Given data
──────
Lemma pair2_notin_imset1 p : p \in P -> (p.2 \in [set q.1 | q in S]) = false.
Proof.
move=> pP; apply/imsetP => -[q qS q1].
by case/eqP: (elp_pair12_neq elpP (subsetP SP q qS) pP); rewrite -q1.
Qed.

Lemma LR_notin_imset x : x \in L :|: R ->
  (x \in [set q.1 | q in S]) = false /\ (x \in [set q.2 | q in S]) = false.
Proof.
move=> xLR; split; apply/imsetP => -[q qS qx]; move: xLR; rewrite qx.
  by case/andP: (elp_pair_notLR elpP (subsetP SP q qS)) => /negbTE ->.
by case/andP: (elp_pair_notLR elpP (subsetP SP q qS)) => _ /negbTE ->.
Qed.

Lemma ss_word_balance x :
  ss_word d x + (x \in [set q.2 | q in S]) = elp_word L R P x + (x \in [set q.1 | q in S]).
Proof.
case: (boolP (x \in L :|: R)) => [xLR|].
  by case: (LR_notin_imset xLR) => -> ->; rewrite ss_word_LR.
rewrite (elp_LR_endpoint elpP) negbK => /exists_inP[p pP /orP[] /eqP <-].
- rewrite ss_word_pair1 // elp_word_pair1 // pair1_in_imset1 // pair1_notin_imset2 //.
  by rewrite addn0.
- rewrite ss_word_pair2 // elp_word_pair2 // pair2_in_imset2 // pair2_notin_imset1 //.
  by case: (p \in S).
Qed.

Lemma weight_ss_word :
  weight (ss_word d) + \sum_(p in S) p.2 = weight (elp_word L R P) + \sum_(p in S) p.1.
Proof.
have S_inj (f : 'I_N * 'I_N -> 'I_N) :
    (forall p q, p \in P -> q \in P -> f p = f q -> p = q) -> {in S &, injective f}.
  by move=> f_inj p q pS qS; apply: f_inj; apply: (subsetP SP).
have sum_imset (f : 'I_N * 'I_N -> 'I_N) : {in S &, injective f} ->
    \sum_(p in S) (f p : nat) = \sum_x (x \in [set f q | q in S]) * x.
  move=> f_inj; rewrite -(big_imset (fun x : 'I_N => x : nat) f_inj) /= big_mkcond.
  by apply: eq_bigr => x _; case: (_ \in _); rewrite ?mul1n.
rewrite !sum_imset; [|exact: S_inj (elp_pair1_inj elpP)|exact: S_inj (elp_pair2_inj elpP)].
by rewrite /weight -!big_split; apply: eq_bigr => x _; rewrite /= -!mulnDl ss_word_balance.
Qed.

Lemma sum_pair1_lt_sum_pair2 : 0 < #|S| -> \sum_(p in S) p.1 < \sum_(p in S) p.2.
Proof.
case/card_gt0P => p pS; rewrite (bigD1 p) //= [X in _ < X](bigD1 p) //= -addSn.
rewrite leq_add ?(elp_pair_lt elpP (subsetP SP p pS)) //.
by apply: leq_sum => q /andP[qS _]; apply/ltnW/(elp_pair_lt elpP)/(subsetP SP).
Qed.

End DirectedLinkPattern.

Section Feasibility.
Variables (N : nat) (w w' : {ffun 'I_N -> bool}) (d : delp N).
Hypothesis w'_feas : feasible_for w w' d.

Let d_ok : is_delp d. Proof. by case/and3P: w'_feas. Qed.
Let w'E x : elp_word d.1.1.1 d.1.1.2 d.1.2 x = w' x.
Proof. by case/and3P: w'_feas => _ /forallP/(_ x)/eqP. Qed.
Let wE x : ss_word d x = w x.
Proof. by case/and3P: w'_feas => _ _ /forallP/(_ x)/eqP. Qed.

Lemma feasible_for_RL0 : RL d = 0 -> w = w'.
Proof.
move/eqP; rewrite cards_eq0 => /eqP S0; apply/ffunP => x.
have := ss_word_balance d_ok x; rewrite S0 !imset0 !in_set0 !addn0 wE w'E.
by case: (w x); case: (w' x).
Qed.

Lemma feasible_for_weight_lt : 0 < RL d -> weight w < weight w'.
Proof.
move=> /(sum_pair1_lt_sum_pair2 d_ok); have := weight_ss_word d_ok.
by rewrite (eq_weight wE) (eq_weight w'E); lia.
Qed.

End Feasibility.

Section CanonicalPattern.
Variables (N : nat) (w : {ffun 'I_N -> bool}).

Definition letter (i : nat) : bool := [exists x : 'I_N, (val x == i) && w x].

Lemma letterE (x : 'I_N) : letter x = w x.
Proof.
apply/existsP/idP => [[y /andP[/eqP/val_inj -> //]]|wx].
by exists x; rewrite eqxx.
Qed.

(* Lattice path of w: a 0 is an up-step and a 1 a down-step. *)
Definition height (k : nat) : int :=
  (\sum_(0 <= i < k) (if letter i then -1 else 1))%R.

Lemma heightS k : height k.+1 = (height k + (if letter k then -1 else 1))%R.
Proof. by rewrite /height big_nat_recr. Qed.

Lemma height_step k : height k.+1 = (height k + 1)%R \/ height k.+1 = (height k - 1)%R.
Proof. by rewrite heightS; case: (letter k); [right|left]. Qed.

Lemma height_ord (x : 'I_N) : height x.+1 = (height x + (if w x then -1 else 1))%R.
Proof. by rewrite heightS letterE. Qed.

Definition canon_pairs : {set 'I_N * 'I_N} :=
  [set p : 'I_N * 'I_N | (p.1 < p.2) && (height p.2.+1 == height p.1) &&
     [forall k : 'I_N, (p.1 < k <= p.2) ==> (height p.1 < height k)%R]].

Definition canon_left : {set 'I_N} :=
  [set x : 'I_N | [forall k : 'I_N, (k <= x) ==> (height x.+1 < height k)%R]].

Definition canon_right : {set 'I_N} :=
  [set x : 'I_N | [forall k : 'I_N.+1, (x < k) ==> (height x < height k)%R]].

Lemma canon_pairsP (p : 'I_N * 'I_N) :
  reflect [/\ p.1 < p.2, height p.2.+1 = height p.1 &
              forall k, p.1 < k <= p.2 -> (height p.1 < height k)%R]
          (p \in canon_pairs).
Proof.
rewrite inE; apply: (iffP idP).
- move=> /andP[/andP[lt /eqP e] /forallP H]; split=> // k /andP[a b].
  have kN : k < N by apply: leq_ltn_trans b (ltn_ord _).
  by have := H (Ordinal kN); rewrite /= a b.
- move=> [lt e H]; rewrite lt e eqxx /=; apply/forallP=> k; apply/implyP.
  exact: H.
Qed.

Lemma canon_leftP (x : 'I_N) :
  reflect (forall k, k <= x -> (height x.+1 < height k)%R) (x \in canon_left).
Proof.
rewrite inE; apply: (iffP forallP) => H k.
- move=> kx; have kN : k < N by apply: leq_ltn_trans kx (ltn_ord _).
  by have := H (Ordinal kN); rewrite /= kx.
- by apply/implyP => hk; apply: H.
Qed.

Lemma canon_rightP (x : 'I_N) :
  reflect (forall k, x < k <= N -> (height x < height k)%R) (x \in canon_right).
Proof.
rewrite inE; apply: (iffP forallP) => H k.
- move=> /andP[a b]; have kN : k < N.+1 by [].
  by have := H (Ordinal kN); rewrite /= a.
- by apply/implyP => hk; apply: H; rewrite hk /= -ltnS ltn_ord.
Qed.

Lemma canon_pair1_inj (p q : 'I_N * 'I_N) :
  p \in canon_pairs -> q \in canon_pairs -> p.1 = q.1 -> p = q.
Proof.
move: p q => [a b] [c d] /canon_pairsP /= [l1 e1 H1] /canon_pairsP /= [l2 e2 H2] /= E.
subst c; congr pair; apply/val_inj/eqP; rewrite eqn_leq; apply/andP; split;
  rewrite leqNgt; apply/negP => lt.
- by have := H1 d.+1; rewrite (leq_trans l2) //= => /(_ lt); lia.
- by have := H2 b.+1; rewrite (leq_trans l1) //= => /(_ lt); lia.
Qed.

Lemma canon_pair2_inj (p q : 'I_N * 'I_N) :
  p \in canon_pairs -> q \in canon_pairs -> p.2 = q.2 -> p = q.
Proof.
move: p q => [a b] [c d] /canon_pairsP /= [l1 e1 H1] /canon_pairsP /= [l2 e2 H2] /= E.
subst d; congr pair; apply/val_inj/eqP; rewrite eqn_leq; apply/andP; split;
  rewrite leqNgt; apply/negP => lt.
- by have := H2 a; rewrite lt (ltnW l1) /= => /(_ isT); lia.
- by have := H1 c; rewrite lt (ltnW l2) /= => /(_ isT); lia.
Qed.

Lemma canon_pair12_neq (p q : 'I_N * 'I_N) :
  p \in canon_pairs -> q \in canon_pairs -> p.1 != q.2.
Proof.
move: p q => [a b] [c d] /canon_pairsP /= [l1 e1 H1] /canon_pairsP /= [l2 e2 H2] /=.
apply/eqP => E; subst d.
have := H1 a.+1; rewrite ltnSn l1 => /(_ isT).
by have := H2 a; rewrite l2 leqnn => /(_ isT); lia.
Qed.

Lemma canon_pair_from (x : 'I_N) : x \notin canon_right ->
  height x.+1 = (height x + 1)%R -> exists2 p, p \in canon_pairs & p.1 = x.
Proof.
move=> nR hx.
have ex : exists k, (x < k <= N) && (height k <= height x)%R.
  move: nR; rewrite inE negb_forall => /existsP [k]; rewrite negb_imply ltNge negbK.
  by move=> /andP[xk hk]; exists k; rewrite xk hk -ltnS ltn_ord.
case: (ex_minnP ex) => -[|j] /andP[/andP[xm jN] hm] mmin //.
have jx : x < j.
  rewrite ltn_neqAle -ltnS xm andbT; apply/eqP => E; subst j.
  by move: hm; rewrite hx; lia.
have hk k : x < k <= j -> (height x < height k)%R.
  move=> /andP[a b]; rewrite ltNge; apply/negP => hk.
  by have := mmin k; rewrite a hk (leq_trans b) ?(ltnW jN) //= => /(_ isT); lia.
exists (x, Ordinal jN) => //; apply/canon_pairsP; split=> //=.
by have := hk j; rewrite jx leqnn => /(_ isT); have := height_step j; lia.
Qed.

Lemma canon_pair_to (x : 'I_N) : x \notin canon_left ->
  height x.+1 = (height x - 1)%R -> exists2 p, p \in canon_pairs & p.2 = x.
Proof.
move=> nL hx.
have ex : exists k, (k <= x) && (height k <= height x.+1)%R.
  move: nL; rewrite inE negb_forall => /existsP [k]; rewrite negb_imply ltNge negbK.
  by move=> /andP[xk hk]; exists k; rewrite xk hk.
have ub i : (i <= x) && (height i <= height x.+1)%R -> i <= x by case/andP.
case: (ex_maxnP ex ub) => m /andP[mx hm] mmax.
have mlx : m < x.
  rewrite ltn_neqAle mx andbT; apply/eqP => E; subst m.
  by move: hm; rewrite hx; lia.
have mN : m < N by apply: ltn_trans mlx (ltn_ord _).
have hk k : m < k <= x -> (height x.+1 < height k)%R.
  move=> /andP[a b]; rewrite ltNge; apply/negP => hk.
  by have := mmax k; rewrite b hk /= => /(_ isT); lia.
have e : height x.+1 = height m.
  have := hk m.+1; rewrite ltnSn mlx => /(_ isT).
  by have := height_step m; move: hm; lia.
exists (Ordinal mN, x) => //; apply/canon_pairsP; split=> //= k kk.
by rewrite -e; apply: hk.
Qed.

Lemma canon_left_right_disjoint : [disjoint canon_left & canon_right].
Proof.
apply/pred0P => x /=; apply/negP => /andP[/canon_leftP hL /canon_rightP hR].
have := hL x (leqnn _); have := hR x.+1; rewrite ltnSn ltn_ord => /(_ isT); lia.
Qed.

Lemma canon_left_lt_right l r : l \in canon_left -> r \in canon_right -> l < r.
Proof.
move=> /canon_leftP hl /canon_rightP hr; rewrite ltnNge; apply/negP => rl.
by have := hl r rl; have := hr l.+1; rewrite ltnS rl ltn_ord => /(_ isT); lia.
Qed.

Lemma canon_pair_notLR p x : p \in canon_pairs -> (p.1 == x) || (p.2 == x) ->
  x \notin canon_left :|: canon_right.
Proof.
move: p => [a b] /canon_pairsP /= [l e H] /orP[] /eqP <-; rewrite in_setU;
  apply/norP; split; apply/negP.
- move=> /canon_leftP /(_ a (leqnn _)).
  by have := H a.+1; rewrite ltnSn l => /(_ isT); lia.
- move=> /canon_rightP /(_ b.+1); rewrite ltnS (ltnW l) ltn_ord => /(_ isT).
  by lia.
- by move=> /canon_leftP /(_ a (ltnW l)); lia.
- move=> /canon_rightP /(_ b.+1); rewrite ltnSn ltn_ord => /(_ isT).
  by have := H b; rewrite l leqnn => /(_ isT); lia.
Qed.

Lemma canon_LR_endpoint x : (x \in canon_left :|: canon_right) =
  ~~ [exists p in canon_pairs, (p.1 == x) || (p.2 == x)].
Proof.
apply/idP/idP => [xLR|]; first by apply/exists_inP => -[p pP /(canon_pair_notLR pP)]; rewrite xLR.
apply: contraR; rewrite in_setU => /norP[nL nR].
case: (height_step x) => hx.
- by case: (canon_pair_from nR hx) => p pP px; apply/exists_inP; exists p; rewrite ?px ?eqxx.
- case: (canon_pair_to nL hx) => p pP px; apply/exists_inP; exists p; rewrite ?px ?eqxx ?orbT //.
Qed.

Lemma canon_pairs_disjoint p q : p \in canon_pairs -> q \in canon_pairs -> p != q ->
  [&& p.1 != q.1, p.1 != q.2, p.2 != q.1 & p.2 != q.2].
Proof.
move=> pP qP neq; apply/and4P; split; apply: contra_neq neq => E.
- exact: canon_pair1_inj.
- by have := canon_pair12_neq pP qP; rewrite E eqxx.
- by have := canon_pair12_neq qP pP; rewrite E eqxx.
- exact: canon_pair2_inj.
Qed.

Lemma canon_noncrossing p q : p \in canon_pairs -> q \in canon_pairs ->
  ~~ [&& p.1 < q.1, q.1 < p.2 & p.2 < q.2].
Proof.
move: p q => [a b] [c d] /canon_pairsP /= [_ e H] /canon_pairsP /= [_ e' H'].
apply/and3P => -[ac cb bd].
have := H c; rewrite ac (ltnW cb) => /(_ isT).
by have := H' b.+1; rewrite ltnS (ltnW cb) bd => /(_ isT); lia.
Qed.

Lemma canon_pair_avoids_LR p x : p \in canon_pairs ->
  x \in canon_left :|: canon_right -> ~~ ((p.1 < x) && (x < p.2)).
Proof.
move: p => [a b] /canon_pairsP /= [l e H].
rewrite in_setU => /orP[/canon_leftP hL|/canon_rightP hR]; apply/andP => -[ax xb].
- have := hL a (ltnW ax).
  by have := H x.+1; rewrite ltnS (ltnW ax) xb => /(_ isT); lia.
- have := hR b.+1; rewrite ltnS (ltnW xb) ltn_ord => /(_ isT).
  by have := H x; rewrite ax (ltnW xb) => /(_ isT); lia.
Qed.

Lemma canon_is_elp : is_elp canon_left canon_right canon_pairs.
Proof.
apply/and5P; split; last (apply/and3P; split).
- exact: canon_left_right_disjoint.
- by apply/forall_inP => l lL; apply/forall_inP => r rR; apply: canon_left_lt_right.
- by apply/forall_inP => p /canon_pairsP[].
- by apply/forallP => x; rewrite canon_LR_endpoint.
- apply/forall_inP => p pP; apply/forall_inP => q qP; apply/implyP.
  exact: canon_pairs_disjoint.
- by apply/forall_inP => p pP; apply/forall_inP => q qP; apply: canon_noncrossing.
- by apply/forall_inP => p pP; apply/forall_inP => x; apply: canon_pair_avoids_LR.
Qed.

Lemma canon_elp_word x : elp_word canon_left canon_right canon_pairs x = w x.
Proof.
have hx := height_ord x.
rewrite /elp_word; case: ifP => [/canon_leftP /(_ x (leqnn _))|xnL].
  by move: hx; case: (w x) => //; lia.
case: ifP => [/canon_rightP /(_ x.+1)|xnR].
  by rewrite ltnSn ltn_ord => /(_ isT); move: hx; case: (w x) => //; lia.
apply/exists_inP/idP => [[[a b] /canon_pairsP /= [l e H] /eqP bx]|wx].
  subst b; have := H x; rewrite l leqnn => /(_ isT).
  by move: hx; case: (w x) => //; lia.
rewrite wx in hx; case: (canon_pair_to (negbT xnL) hx) => p pP px.
by exists p; rewrite ?px.
Qed.

Definition canon_delp : delp N := (canon_left, canon_right, canon_pairs, set0).

Lemma canon_delp_feasible : feasible_for w w canon_delp.
Proof.
apply/and3P; split.
- by rewrite /is_delp canon_is_elp sub0set.
- by apply/forallP => x; rewrite canon_elp_word.
- apply/forallP => x; rewrite -canon_elp_word /ss_word /elp_word /=.
  do 2 case: ifP => // _.
  by apply/eqP/eq_existsb => p; rewrite in_set0 andbT andbF orbF.
Qed.

End CanonicalPattern.

Lemma Mentry_diag N (w : {ffun 'I_N -> bool}) : Mentry w w = 1%R.
Proof.
rewrite /Mentry; case: pickP => [d d_feas|/(_ (canon_delp w))]; last first.
  by rewrite canon_delp_feasible.
by case: (posnP (RL d)) => [->|/(feasible_for_weight_lt d_feas)]; rewrite ?ltnn.
Qed.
──────
Problem
The listing above holds a line with "Section Feasibility." and a line with "have := ss_word_balance". Print the stretch from the first through the second, exactly and alone.

Finished exercise
Section Feasibility.
Variables (N : nat) (w w' : {ffun 'I_N -> bool}) (d : delp N).
Hypothesis w'_feas : feasible_for w w' d.

Let d_ok : is_delp d. Proof. by case/and3P: w'_feas. Qed.
Let w'E x : elp_word d.1.1.1 d.1.1.2 d.1.2 x = w' x.
Proof. by case/and3P: w'_feas => _ /forallP/(_ x)/eqP. Qed.
Let wE x : ss_word d x = w x.
Proof. by case/and3P: w'_feas => _ _ /forallP/(_ x)/eqP. Qed.

Lemma feasible_for_RL0 : RL d = 0 -> w = w'.
Proof.
move/eqP; rewrite cards_eq0 => /eqP S0; apply/ffunP => x.
have := ss_word_balance d_ok x; rewrite S0 !imset0 !in_set0 !addn0 wE w'E.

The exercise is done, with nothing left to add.